— What you will do —
Within the entries underneath, how many lines include the string "realType"? State only the number.

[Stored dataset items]
★ ★ ★ ★ ★ ★ ★

Lemma is_derive_linear (R : realType) (V : normedModType R) n m
    (L : {linear 'rV[R]_n -> 'rV[R]_m}) (G : V -> 'rV[R]_n) x v dG :
  is_derive x v G dG -> is_derive x v (L \o G) (L dG).
Proof.
move=> [dG_ex <-].
have E : (fun h : R => h^-1 *: ((L \o G \o shift x) (h *: v) - (L \o G) x)) =
         L \o (fun h : R => h^-1 *: ((G \o shift x) (h *: v) - G x)).
  by apply/funext => h /=; rewrite -linearB -linearZ.
have LG : (L \o (fun h : R => h^-1 *: ((G \o shift x) (h *: v) - G x))) @ 0^'
    --> L ('D_v G x).
  by apply: continuous_cvg; [exact: linear_rV_continuous | exact: dG_ex].
split; first by rewrite /derivable E; exact: cvgP LG.
by rewrite /derive E; exact: cvg_lim LG.
Qed.

Section AlgebraValuedPartials.
Variables (R : realType) (A : falgType R) (t0 tau : nat).
Local Notation PT := (pt R t0 tau).

Lemma coordAK : cancel (@coordA R A) (@ofcoordA R A).
Proof. exact: passmx.rVofK (vbasisP fullv). Qed.

Lemma ofcoordAK : cancel (@ofcoordA R A) (@coordA R A).
Proof. exact: passmx.vecofK (vbasisP fullv). Qed.

HB.instance Definition _ := GRing.isLinear.Build R A _ _ (@coordA R A)
  (passmx.rVof_linear _).
HB.instance Definition _ := GRing.isLinear.Build R _ A _ (@ofcoordA R A)
  (passmx.vecof_linear _).

Definition has_pdA (d : PT) (f : PT -> A) (p : PT) (a : A) : Prop :=
  is_derive (0 : R) (1 : R) (lineR (fun q => coordA (f q)) p d) (coordA a).

Lemma has_pdA_val d f p a : has_pdA d f p a -> pdA d f p = a.
Proof. by move=> [_ E]; rewrite /pdA /pdV E coordAK. Qed.

Lemma has_pdAP d f p :
  derivable (lineR (fun q => coordA (f q)) p d) 0 1 -> has_pdA d f p (pdA d f p).
Proof. by move=> df; split; rewrite // /pdA ofcoordAK. Qed.

Lemma has_pdA_linear (L : {linear A -> A}) d f p a :
  has_pdA d f p a -> has_pdA d (fun q => L (f q)) p (L a).
Proof.
move=> /(is_derive_linear (@coordA R A \o L \o @ofcoordA R A)).
rewrite /= coordAK; congr is_derive.
by apply/funext => r; rewrite /lineR /= coordAK.
Qed.

Lemma has_pdAD d f g p a b : has_pdA d f p a -> has_pdA d g p b ->
  has_pdA d (fun q => f q + g q) p (a + b).
Proof.
move=> df dg; have := is_deriveD df dg; rewrite /has_pdA linearD.
by congr is_derive; apply/funext => r; rewrite /lineR /= linearD.
Qed.

Lemma has_pdA_sum (I : Type) (r : seq I) (P : pred I) (fs : I -> PT -> A)
    (a : I -> A) d p :
  (forall i, P i -> has_pdA d (fs i) p (a i)) ->
  has_pdA d (fun q => \sum_(i <- r | P i) fs i q) p (\sum_(i <- r | P i) a i).
Proof.
move=> dfs.
have -> : (fun q => \sum_(i <- r | P i) fs i q) = \sum_(i <- r | P i) fs i.
  by rewrite fct_sumE.
apply: (big_rec2 (fun g b => has_pdA d g p b)) => [|i b g Pi dg]; last first.
  exact: has_pdAD (dfs i Pi) dg.
rewrite /has_pdA [coordA 0]linear0.
have := is_derive_cst (0 : 'rV[R]_(\dim {:A})) (0 : R) 1.
by congr is_derive.
Qed.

★ ★ ★ ★ ★ ★ ★

— Task solution —
2